In a dusty, massive chest in the basement of a home in Tacoma, Wash., retired University of Victoria psychology professor Charles Tolman found a key.

Not a real, physical key, mind you. A metaphorical one. It was the key to completing the puzzle of the Sooke Flowline B次元官网网址 a massive engineering feat in the early 1900s that is the foundation of how the Capital Region gets its potable water, even to this day.

He didnB次元官网网址檛 know thatB次元官网网址檚 what heB次元官网网址檇 found, though.

B次元官网网址淭here were all these old photographs,B次元官网网址 says Eric Tolman, CharlesB次元官网网址 son, who teaches social studies at Belmont secondary and has made a film about his fatherB次元官网网址檚 book, Bringing Water to Victoria, recently published by the Sooke Region Museum.

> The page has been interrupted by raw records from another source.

(* For $\alpha_1,\alpha_2\in\mathbb C$ let $K_1(\alpha_1,\alpha_2)$ be the complex Leibniz algebra with basis $\{l,p_+,p_-,X_1,X_2,X_3\}$ whose only nonzero products are $[l,p_+]=p_+$, $[p_+,l]=-p_+$, $[l,p_-]=-p_-$, $[p_-,l]=p_-$, $[l,l]=\alpha_1X_1$, $[p_+,p_-]=\alpha_2X_1$, $[p_-,p_+]=-\alpha_2X_1$, $[X_1,p_+]=X_2$, $[X_1,p_-]=-X_3$, $[X_2,l]=-X_2$, $[X_3,l]=X_3$. Then every algebra $K_1(\alpha_1,\alpha_2)$ is isomorphic to one of $K_1(1,1)$, $K_1(1,0)$, $K_1(0,1)$, $K_1(0,0)$, and these four algebras are pairwise non-isomorphic.
   Context: A (right) Leibniz algebra is a vector space with a bilinear bracket satisfying $[[x,y],z]=[[x,z],y]+[x,[y,z]]$. *)

From HB Require Import structures.
From mathcomp Require Import all_boot all_order all_algebra.
From mathcomp Require Import complex.
From mathcomp Require Import reals.
Set Implicit Arguments. Unset Strict Implicit. Unset Printing Implicit Defensive.
Import Order.TTheory GRing.Theory Num.Theory.
Local Open Scope ring_scope.

(* An n-dimensional algebra over a field F is given by its structure
   constants: c i j is the product [e_i, e_j] of basis vectors, expressed as a
   row vector of coordinates. *)
Definition sc_bracket (F : fieldType) (n : nat) (c : 'I_n -> 'I_n -> 'rV[F]_n)
  (u v : 'rV[F]_n) : 'rV[F]_n :=
  \sum_(i < n) \sum_(j < n) (u 0 i * v 0 j) *: c i j.

Definition sc_isomorphic (F : fieldType) (n : nat)
  (c1 c2 : 'I_n -> 'I_n -> 'rV[F]_n) : Prop :=
  exists A : 'M[F]_n, A \in unitmx /\
    forall u v : 'rV[F]_n, sc_bracket c1 u v *m A = sc_bracket c2 (u *m A) (v *m A).

Definition e6 (F : fieldType) (k : nat) : 'rV[F]_6 := delta_mx 0 (inord k).

(* K_1(a1,a2), basis ordered as  0 = l, 1 = p_+, 2 = p_-, 3 = X_1, 4 = X_2, 5 = X_3 *)
Definition K1 (F : fieldType) (a1 a2 : F) (i j : 'I_6) : 'rV[F]_6 :=
  match nat_of_ord i, nat_of_ord j with
  | 0, 1 => e6 F 1
  | 1, 0 => - e6 F 1
  | 0, 2 => - e6 F 2
  | 2, 0 => e6 F 2
  | 0, 0 => a1 *: e6 F 3
  | 1, 2 => a2 *: e6 F 3
  | 2, 1 => - (a2 *: e6 F 3)
  | 3, 1 => e6 F 4
  | 3, 2 => - e6 F 5
  | 4, 0 => - e6 F 4
  | 5, 0 => e6 F 5
  | _, _ => 0
  end.

From HB Require Import structures.
From mathcomp Require Import all_boot all_order all_algebra.
From mathcomp Require Import complex.
From mathcomp Require Import reals.
From mathcomp Require Import ring.
Set Implicit Arguments. Unset Strict Implicit. Unset Printing Implicit Defensive.
Import GRing.Theory.
Local Open Scope ring_scope.

(* Rescaling p_+ by d_1 and X_1 by d_3 (hence X_2 by d_1 d_3 and X_3 by d_3) turns
   (alpha_1, alpha_2) into (alpha_1 d_3, alpha_2 d_3 / d_1), which reaches the four
   normal forms.  Conversely, "alpha_1 = 0" and "alpha_2 = 0" are invariants.  The
   plane V = span(X_2, X_3) satisfies [V, K_1] <= V, so no isomorphism phi maps X_1
   into V: otherwise phi X_1, phi X_2 = [phi X_1, phi p_+] and
   phi X_3 = -[phi X_1, phi p_-] would be three independent vectors of V.  But if
   the target has alpha_1 = 0, all squares [x, x] lie in V, and X_1 = [l, l]/alpha_1
   in the source; if the target has alpha_2 = 0, so do all brackets of vectors
   without l-component, such as the images of p_+ = [l, p_+] and p_- = [p_-, l],
   and X_1 = [p_+, p_-]/alpha_2 in the source. *)

Section StructureConstants.
Variables (F : fieldType) (n : nat).

Lemma sc_bracket_delta (c : 'I_n -> 'I_n -> 'rV[F]_n) (i j : 'I_n) :
  sc_bracket c (delta_mx 0 i) (delta_mx 0 j) = c i j.
Proof.
rewrite /sc_bracket (bigD1 i) //= [X in _ + X]big1 => [|i' ne_i'i]; last first.
  by rewrite big1 // => j' _; rewrite !mxE (negbTE ne_i'i) mul0r scale0r.
rewrite addr0 (bigD1 j) //= big1 => [|j' ne_j'j]; last first.
  by rewrite !mxE (negbTE ne_j'j) mulr0 scale0r.
by rewrite addr0 !mxE !eqxx mulr1 scale1r.
Qed.

Lemma sc_iso_basis (c1 c2 : 'I_n -> 'I_n -> 'rV[F]_n) (A : 'M[F]_n) :
  (forall u v, sc_bracket c1 u v *m A = sc_bracket c2 (u *m A) (v *m A)) ->
  forall i j, c1 i j *m A = sc_bracket c2 (row i A) (row j A).
Proof. by move=> isoA i j; rewrite !rowE -isoA sc_bracket_delta. Qed.

End StructureConstants.

Lemma det_lower_left_zero (F : fieldType) (m k : nat) (A : 'M[F]_(m + k.+1)) :
  (forall (i : 'I_k.+1) (j : 'I_(m + k.+1)), (j <= m)%N -> A (rshift m i) j = 0) ->
  \det A = 0.
Proof.
move=> A0.
have dlA : dlsubmx A = 0.
  by apply/matrixP => i j; rewrite !mxE; apply: A0; rewrite /= ltnW.
have drA : \det (drsubmx A) = 0.
  by rewrite (expand_det_col _ 0) big1 // => i _; rewrite !mxE A0 ?mul0r //= addn0.
by rewrite -(submxK A) dlA det_ublock drA mulr0.
Qed.

Section K1.
Variable F : fieldType.

Definition K1_bracket_coord (a1 a2 : F) (x y : 'rV[F]_6) (k : nat) : F :=
  let X n := x 0 (inord n) in
  let Y n := y 0 (inord n) in
  match k with
  | 1 => X 0 * Y 1 - X 1 * Y 0
  | 2 => X 2 * Y 0 - X 0 * Y 2
  | 3 => a1 * (X 0 * Y 0) + a2 * (X 1 * Y 2 - X 2 * Y 1)
  | 4 => X 3 * Y 1 - X 4 * Y 0
  | 5 => X 5 * Y 0 - X 3 * Y 2
  | _ => 0
  end.

Lemma K1_bracketE (a1 a2 : F) (x y : 'rV[F]_6) :
  sc_bracket (K1 a1 a2) x y = \row_(k < 6) K1_bracket_coord a1 a2 x y k.
Proof.
have liftE m (i : 'I_m) : lift ord0 i = inord i.+1.
  by apply: ord_inj; rewrite lift0 inordK ?ltnS.
have ord0E : ord0 = inord 0 :> 'I_6 by apply/val_inj; rewrite /= inordK.
have eq_inordE (i : 'I_6) n : (n < 6)%N -> (i == inord n) = (val i == n).
  by move=> lt_n6; rewrite -(inj_eq val_inj) /= inordK.
apply/rowP => k; rewrite /sc_bracket !big_ord_recl !big_ord0 !mxE /K1 /=.
rewrite !liftE ord0E !inordK // !eq_inordE //.
by case: k => [[|[|[|[|[|[|k]]]]]] lt_k6] //=; rewrite /K1_bracket_coord /=; ring.
Qed.

Lemma K1_bracket_coordE (a1 a2 : F) (x y : 'rV[F]_6) (k : nat) : (k < 6)%N ->
  sc_bracket (K1 a1 a2) x y 0 (inord k) = K1_bracket_coord a1 a2 x y k.
Proof. by move=> lt_k6; rewrite K1_bracketE mxE inordK. Qed.

Lemma K1_iso_diag (a1 a2 b1 b2 d1 d3 : F) : d1 != 0 -> d3 != 0 ->
  a1 * d3 = b1 -> a2 * d3 = b2 * d1 -> sc_isomorphic (K1 a1 a2) (K1 b1 b2).
Proof.
move=> d1_neq0 d3_neq0 <- b2E.
pose d : 'rV[F]_6 := \row_(k < 6) [:: 1; d1; 1; d3; d3 * d1; d3]`_k.
exists (diag_mx d); split.
  rewrite unitmxE unitfE det_diag !big_ord_recl big_ord0 !mxE /=.
  by rewrite !mulf_neq0 ?oner_neq0.
move=> u v; rewrite !mul_mx_diag !K1_bracketE; apply/rowP => k; rewrite !mxE.
case: k => [[|[|[|[|[|[|k]]]]]] lt_k6] //=;
  rewrite /K1_bracket_coord /= ?mxE /= ?inordK //=; try ring.
have -> : b2 = a2 * d3 / d1 by rewrite b2E mulfK.
by field.
Qed.

Lemma K1_classification (a1 a2 : F) :
  sc_isomorphic (K1 a1 a2) (K1 1 1) \/ sc_isomorphic (K1 a1 a2) (K1 1 0) \/
  sc_isomorphic (K1 a1 a2) (K1 0 1) \/ sc_isomorphic (K1 a1 a2) (K1 0 0).
Proof.
have one_neq0 : (1 : F) != 0 := oner_neq0 _.
have [->|a1_neq0] := eqVneq a1 0; have [->|a2_neq0] := eqVneq a2 0.
- by do 3 right; apply: (K1_iso_diag one_neq0 one_neq0); rewrite mul0r.
- do 2 right; left; apply: (K1_iso_diag one_neq0 (invr_neq0 a2_neq0)).
    by rewrite mul0r.
  by rewrite divff // mulr1.
- right; left; apply: (K1_iso_diag one_neq0 (invr_neq0 a1_neq0)).
    by rewrite divff.
  by rewrite !mul0r.
- left; apply: (K1_iso_diag (d1 := a2 / a1) _ (invr_neq0 a1_neq0)).
  + by rewrite mulf_neq0 ?invr_neq0.
  + by rewrite divff.
  + by rewrite mul1r.
Qed.

Definition in_X23 (v : 'rV[F]_6) : Prop :=
  forall k, (k <= 3)%N -> v 0 (inord k) = 0.

Lemma in_X23Z (c : F) (v : 'rV[F]_6) : c != 0 -> in_X23 (c *: v) -> in_X23 v.
Proof.
move=> c_neq0 cv k le_k3; move: (cv k le_k3).
by rewrite mxE => /eqP; rewrite mulf_eq0 (negbTE c_neq0) => /eqP.
Qed.

Lemma in_X23_K1_bracketl (b1 b2 : F) (x y : 'rV[F]_6) :
  in_X23 x -> in_X23 (sc_bracket (K1 b1 b2) x y).
Proof.
move=> x23 k le_k3; rewrite K1_bracket_coordE ?(leq_ltn_trans le_k3) //.
by case: k le_k3 => [|[|[|[|k]]]] //= _; rewrite ?x23 //; ring.
Qed.

Lemma K1_bracket_coord0 (b1 b2 : F) (x y : 'rV[F]_6) :
  sc_bracket (K1 b1 b2) x y 0 (inord 0) = 0.
Proof. exact: K1_bracket_coordE. Qed.

Lemma in_X23_K1_sqr (b2 : F) (x : 'rV[F]_6) :
  in_X23 (sc_bracket (K1 0 b2) x x).
Proof.
move=> k le_k3; rewrite K1_bracket_coordE ?(leq_ltn_trans le_k3) //.
by case: k le_k3 => [|[|[|[|k]]]] //= _; ring.
Qed.

Lemma in_X23_K1_bracket_l0 (b1 : F) (x y : 'rV[F]_6) :
  x 0 (inord 0) = 0 -> y 0 (inord 0) = 0 -> in_X23 (sc_bracket (K1 b1 0) x y).
Proof.
move=> x0 y0 k le_k3; rewrite K1_bracket_coordE ?(leq_ltn_trans le_k3) //.
by case: k le_k3 => [|[|[|[|k]]]] //= _; rewrite x0 y0; ring.
Qed.

Lemma in_X23_rows_not_unitmx (A : 'M[F]_6) :
  in_X23 (row (inord 3) A) -> in_X23 (row (inord 4) A) -> in_X23 (row (inord 5) A) ->
  A \notin unitmx.
Proof.
move=> r3 r4 r5; rewrite unitmxE unitfE negbK; apply/eqP.
apply: (@det_lower_left_zero F 3 2) => i j le_j3.
have -> : j = inord j :> 'I_6 by rewrite inord_val.
have -> : rshift 3 i = inord (3 + i) :> 'I_6.
  by apply/val_inj; rewrite /= inordK // ltn_add2l.
case: i => [[|[|[|i]]] lt_i3] //.
- by move: (r3 _ le_j3); rewrite mxE.
- by move: (r4 _ le_j3); rewrite mxE.
- by move: (r5 _ le_j3); rewrite mxE.
Qed.

Section Isomorphism.
Variables (a1 a2 b1 b2 : F) (A : 'M[F]_6).
Hypothesis isoA : forall u v,
  sc_bracket (K1 a1 a2) u v *m A = sc_bracket (K1 b1 b2) (u *m A) (v *m A).

Lemma K1_iso_X1_not_in_X23 : A \in unitmx -> ~ in_X23 (row (inord 3) A).
Proof.
move=> unitA r3; apply: (negP (in_X23_rows_not_unitmx r3 _ _)) unitA.
  have := sc_iso_basis isoA (inord 3) (inord 1); rewrite /K1 !inordK // /e6 -rowE => ->.
  exact: in_X23_K1_bracketl.
apply: (@in_X23Z (-1)); first by rewrite oppr_eq0 oner_neq0.
have := sc_iso_basis isoA (inord 3) (inord 2); rewrite /K1 !inordK // mulNmx /e6 -rowE scaleN1r => ->.
exact: in_X23_K1_bracketl.
Qed.

Lemma K1_iso_p_coord0 : [/\ row (inord 1) A 0 (inord 0) = 0 &
                            row (inord 2) A 0 (inord 0) = 0].
Proof.
split.
  have := sc_iso_basis isoA (inord 0) (inord 1); rewrite /K1 !inordK // /e6 -rowE => ->.
  exact: K1_bracket_coord0.
have := sc_iso_basis isoA (inord 2) (inord 0); rewrite /K1 !inordK // /e6 -rowE => ->.
exact: K1_bracket_coord0.
Qed.

End Isomorphism.

Lemma K1_not_iso_a1 (a1 a2 b2 : F) : a1 != 0 -> ~ sc_isomorphic (K1 a1 a2) (K1 0 b2).
Proof.
move=> a1_neq0 [A [unitA isoA]].
apply: (K1_iso_X1_not_in_X23 isoA unitA) (in_X23Z a1_neq0 _).
have := sc_iso_basis isoA (inord 0) (inord 0); rewrite /K1 !inordK // -scalemxAl /e6 -rowE => ->.
exact: in_X23_K1_sqr.
Qed.

Lemma K1_not_iso_a2 (a1 a2 b1 : F) : a2 != 0 -> ~ sc_isomorphic (K1 a1 a2) (K1 b1 0).
Proof.
move=> a2_neq0 [A [unitA isoA]].
apply: (K1_iso_X1_not_in_X23 isoA unitA) (in_X23Z a2_neq0 _).
have [r1 r2] := K1_iso_p_coord0 isoA.
have := sc_iso_basis isoA (inord 1) (inord 2); rewrite /K1 !inordK // -scalemxAl /e6 -rowE => ->.
exact: in_X23_K1_bracket_l0 r1 r2.
Qed.

End K1.

Theorem mainTheorem3 (R : realType) :
  (forall a1 a2 : R[i],
     sc_isomorphic (K1 a1 a2) (K1 1 1) \/ sc_isomorphic (K1 a1 a2) (K1 1 0) \/
     sc_isomorphic (K1 a1 a2) (K1 0 1) \/ sc_isomorphic (K1 a1 a2) (K1 0 0)) /\
  ~ sc_isomorphic (K1 (1 : R[i]) 1) (K1 1 0) /\
  ~ sc_isomorphic (K1 (1 : R[i]) 1) (K1 0 1) /\
  ~ sc_isomorphic (K1 (1 : R[i]) 1) (K1 0 0) /\
  ~ sc_isomorphic (K1 (1 : R[i]) 0) (K1 0 1) /\
  ~ sc_isomorphic (K1 (1 : R[i]) 0) (K1 0 0) /\
  ~ sc_isomorphic (K1 (0 : R[i]) 1) (K1 0 0).
Proof.
have one_neq0 : (1 : R[i]) != 0 := oner_neq0 _.
split; first exact: K1_classification.
split; first exact: K1_not_iso_a2 one_neq0.
split; first exact: K1_not_iso_a1 one_neq0.
split; first exact: K1_not_iso_a1 one_neq0.
split; first exact: K1_not_iso_a1 one_neq0.
split; first exact: K1_not_iso_a1 one_neq0.
exact: K1_not_iso_a2 one_neq0.
Qed.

Many of those photographs were of his great cousin, Harry Huston Crawford, an engineer from Missouri who worked on railroads in the early 1900s. Crawford, Eric says, needed a break from building railroads, so he took a job in a faraway town called Victoria to work on a pipeline project while he was on his way to Alaska, because he thought it sounded interesting.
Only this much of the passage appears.